Numerical results for ${\widehat{E}}_1^{\text{P}}\left(N\right)$ and ${\widehat{E}}_1^{\mathrm{\Gamma }}\left(N\right)$ for several values of $N$. Note that finite-size corrections have a different sign for $N\to +\infty$. We have represented also the theoretical predictions for both cases obtained including the finite-size corrections up to $O\left(N^{-1}\right)$.

Figure 2

Theoretical prediction of ${\widehat{E}}_r^{\text{P}}$ for several values of $r$ (solid line), compared with our numerical results. The dashed line is the large-$r$ asymptotic estimate, equal to 1. Error bars do not appear because they are smaller than the marks in the plot.
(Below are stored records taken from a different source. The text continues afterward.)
Lemma edge_int_eq a b : edge_int x y z a b =
  sgn (dot (tri_normal x y z) (vsub b a)) *
  ( ind (exists t, 0 < t < 1 /\ in_open_tri (vadd a (vscale t (vsub b a))) x y z)
  + 1/2 * ind (in_open_tri a x y z) + 1/2 * ind (in_open_tri b x y z)).
Proof. reflexivity. Qed.

Lemma edge_int_parallel a b : dot (tri_normal x y z) (vsub b a) = 0 -> edge_int x y z a b = 0.
Proof. intros h. rewrite edge_int_eq, h, sgn_0. ring. Qed.

Lemma edge_int_side1 : edge_int x y z x y = 0.
Proof.
  apply edge_int_parallel. destruct x, y, z; unfold tri_normal, dot, cross, vsub; simpl; ring.
Qed.

Lemma edge_int_side2 : edge_int x y z y z = 0.
Proof.
  apply edge_int_parallel. destruct x, y, z; unfold tri_normal, dot, cross, vsub; simpl; ring.
Qed.

Lemma edge_int_separated w c a b :
  (forall p, in_open_tri p x y z -> dot w p < c) -> c <= dot w a -> c <= dot w b ->
  edge_int x y z a b = 0.
Proof.
  intros hT ha hb.
  assert (miss : forall p, c <= dot w p -> ~ in_open_tri p x y z).
  { intros p hp hin. specialize (hT p hin). lra. }
  rewrite edge_int_eq, (ind_false _ (miss a ha)), (ind_false _ (miss b hb)),
    (ind_false (exists t, _)); [ring|].
  intros [t [ht hin]]. refine (miss _ _ hin). rewrite dot_seg. nra.
Qed.

Hypotheses (hx : vz x = 0) (hy : vz y = 0) (hz : vz z = 0).

Lemma dot_tri_normal_flat v : dot (tri_normal x y z) v = vz (tri_normal x y z) * vz v.
Proof.
  destruct x, y, z, v; simpl in *; subst; unfold tri_normal, dot, cross, vsub; simpl; ring.
Qed.

Lemma flat_tri_miss p : vz p <> 0 -> ~ in_open_tri p x y z.
Proof.
  intros hp hin. apply hp. rewrite <- (Rmult_1_l (vz p)), <- dot_scale_ez.
  apply (in_open_tri_plane _ _ _ x y z); try exact hin; rewrite dot_scale_ez; lra.
Qed.

Lemma edge_int_leave_plane a b : vz a = 0 -> vz b <> 0 ->
  edge_int x y z a b =
  1/2 * sgn (vz (tri_normal x y z)) * sgn (vz b) * ind (in_open_tri a x y z).
Proof.
  intros ha hb.
  rewrite edge_int_eq, (ind_false (in_open_tri b _ _ _)) by (apply flat_tri_miss; lra).
  rewrite (ind_false (exists t, _)).
  - rewrite dot_tri_normal_flat, sgn_mul. simpl; rewrite ha, Rminus_0_r. ring.
  - intros [t [ht hin]]. refine (flat_tri_miss _ _ hin). simpl. rewrite ha.
    intro e. apply hb. nra.
Qed.

Lemma edge_int_enter_plane a b : vz a <> 0 -> vz b = 0 ->
  edge_int x y z a b =
  - (1/2 * sgn (vz (tri_normal x y z)) * sgn (vz a) * ind (in_open_tri b x y z)).
Proof.
  intros ha hb.
  rewrite edge_int_eq, (ind_false (in_open_tri a _ _ _)) by (apply flat_tri_miss; lra).
  rewrite (ind_false (exists t, _)).
  - rewrite dot_tri_normal_flat, sgn_mul. simpl; rewrite hb.
    rewrite Rminus_0_l, sgn_opp. ring.
  - intros [t [ht hin]]. refine (flat_tri_miss _ _ hin). simpl. rewrite hb.
    intro e. apply ha. nra.
Qed.

End EdgeContribution.

Definition hex_rot2 (H : hexagon) : hexagon :=
  mkhex (hv3 H) (hv4 H) (hv5 H) (hv6 H) (hv1 H) (hv2 H).

Lemma Delta_hex_rot2 H : Delta (hex_rot2 H) 2 = Delta H 4.
Proof. unfold Delta, vert; simpl; ring. Qed.

Lemma Delta_hex_rot2_twice H : Delta (hex_rot2 (hex_rot2 H)) 2 = Delta H 6.
Proof. unfold Delta, vert; simpl; ring. Qed.

Lemma Delta2_eq H : Delta H 2 =
  let T := edge_int (hv1 H) (hv2 H) (hv3 H) in
  T (hv1 H) (hv2 H) + T (hv2 H) (hv3 H) + T (hv3 H) (hv4 H) +
  T (hv4 H) (hv5 H) + T (hv5 H) (hv6 H) + T (hv6 H) (hv1 H).
Proof. reflexivity. Qed.

Lemma Delta2_eq0_separated H s :
  vz (hv1 H) = 0 -> vz (hv3 H) = 0 -> s * vz (hv2 H) < 0 ->
  0 <= s * vz (hv4 H) -> 0 <= s * vz (hv5 H) -> 0 <= s * vz (hv6 H) ->
  Delta H 2 = 0.
Proof.
  intros h1 h3 h2 h4 h5 h6.
  assert (hT : forall p, in_open_tri p (hv1 H) (hv2 H) (hv3 H) -> dot (vscale s ez) p < 0).
  { intros p. apply in_open_tri_halfspace; rewrite dot_scale_ez; nra. }
  assert (e : forall a b, 0 <= s * vz a -> 0 <= s * vz b ->
            edge_int (hv1 H) (hv2 H) (hv3 H) a b = 0).
  { intros a b ha hb. apply (edge_int_separated _ _ _ _ _ _ _ hT); rewrite dot_scale_ez; lra. }
  rewrite Delta2_eq; simpl.
  rewrite edge_int_side1, edge_int_side2, !e; rewrite ?h1, ?h3; lra.
Qed.

(* The path [v3 v4 v5 v6 v1] meets the plane of [T2] only at [v3], [v5], [v1]; at [v5] it
   touches from one side, so the two half-crossings cancel, and the vertices [v1], [v3] of
   [T2] lie in its interior only if [T2] is degenerate, in which case its normal vanishes. *)
Lemma Delta2_eq0_flat H :
  vz (hv1 H) = 0 -> vz (hv2 H) = 0 -> vz (hv3 H) = 0 -> vz (hv5 H) = 0 ->
  0 < vz (hv4 H) * vz (hv6 H) -> Delta H 2 = 0.
Proof.
  destruct H as [w1 w2 w3 w4 w5 w6]; simpl; intros h1 h2 h3 h5 h46.
  set (sN := sgn (vz (tri_normal w1 w2 w3))).
  assert (vertex_term : forall p, (in_open_tri p w1 w2 w3 -> tri_normal w1 w2 w3 = vzero) ->
            sN * ind (in_open_tri p w1 w2 w3) = 0).
  { intros p hp. destruct (classic (in_open_tri p w1 w2 w3)) as [hin|hout].
    - unfold sN. rewrite (hp hin). simpl. rewrite sgn_0. ring.
    - rewrite ind_false by exact hout. ring. }
  assert (sgn46 : sgn (vz w4) = sgn (vz w6)).
  { destruct (sgn_cases (vz w4)) as [[s4 ?]|[[s4 ?]|[s4 ?]]];
    destruct (sgn_cases (vz w6)) as [[s6 ?]|[[s6 ?]|[s6 ?]]]; nra. }
  assert (z4 : vz w4 <> 0) by (intro e; rewrite e in h46; lra).
  assert (z6 : vz w6 <> 0) by (intro e; rewrite e in h46; lra).
  rewrite Delta2_eq; simpl.
  rewrite edge_int_side1, edge_int_side2,
    (edge_int_leave_plane _ _ _ h1 h2 h3 w3 w4), (edge_int_enter_plane _ _ _ h1 h2 h3 w4 w5),
    (edge_int_leave_plane _ _ _ h1 h2 h3 w5 w6), (edge_int_enter_plane _ _ _ h1 h2 h3 w6 w1)
    by assumption.
  fold sN. rewrite sgn46.
  transitivity (1/2 * sgn (vz w6) *
    (sN * ind (in_open_tri w3 w1 w2 w3) - sN * ind (in_open_tri w1 w1 w2 w3))); [ring|].
  rewrite (vertex_term w1 (in_open_tri_first_vertex _ _ _)),
    (vertex_term w3 (in_open_tri_last_vertex _ _ _)).
  ring.
Qed.

Lemma Delta2_eq0_v2_above H :
  vz (hv1 H) = 0 -> vz (hv3 H) = 0 -> vz (hv5 H) = 0 ->
  0 <= vz (hv2 H) -> vz (hv4 H) < 0 -> vz (hv6 H) < 0 -> Delta H 2 = 0.
Proof.
  intros h1 h3 h5 h2 h4 h6. destruct (Req_dec (vz (hv2 H)) 0) as [e|ne].
  - apply Delta2_eq0_flat; nra.
  - apply (Delta2_eq0_separated H (-1)); lra.
Qed.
The values for ${\lambda }_r{\widehat{E}}_r^{\mathrm{\Gamma }}$ almost coincide with the values of ${\widehat{E}}_r^{\text{P}}$ (see Table 3) and are not represented.

Figure 3

Numerical estimates of $\mathrm{\Delta }{\widehat{F}}_r^T+\mathrm{\Delta }{\widehat{F}}_r^F$ for several values of $r$ (red squares) and theoretical prediction (blue line) obtained using the law ${\rho }_r^{\text{P}}$. The dashed line is the large-$r$ asymptotic estimate.

Figure 4

Numerical estimates of $\mathrm{\Delta }{\widehat{F}}_r^{\left(1\right)}$ for several values of $r$ (red squares) and theoretical prediction (blue line with circles) obtained using the law ${\rho }_r^{\mathrm{\Gamma }}$. Observe that a discrepancy between the theoretical prediction and the numerical results appears for $r\ge 1$: We interpret this fact as a consequence of the similar scaling of $\mathrm{\Delta }{\widehat{F}}_r^{\left(1\right)}$ and $\mathrm{\Delta }{\widehat{F}}_r^{\left(2\right)}$ for $r\gg 1$, which makes the numerical evaluation of the single contribution $\mathrm{\Delta }{\widehat{F}}^{\left(1\right)}$ difficult. The dashed line is the large-$r$ asymptotic estimate.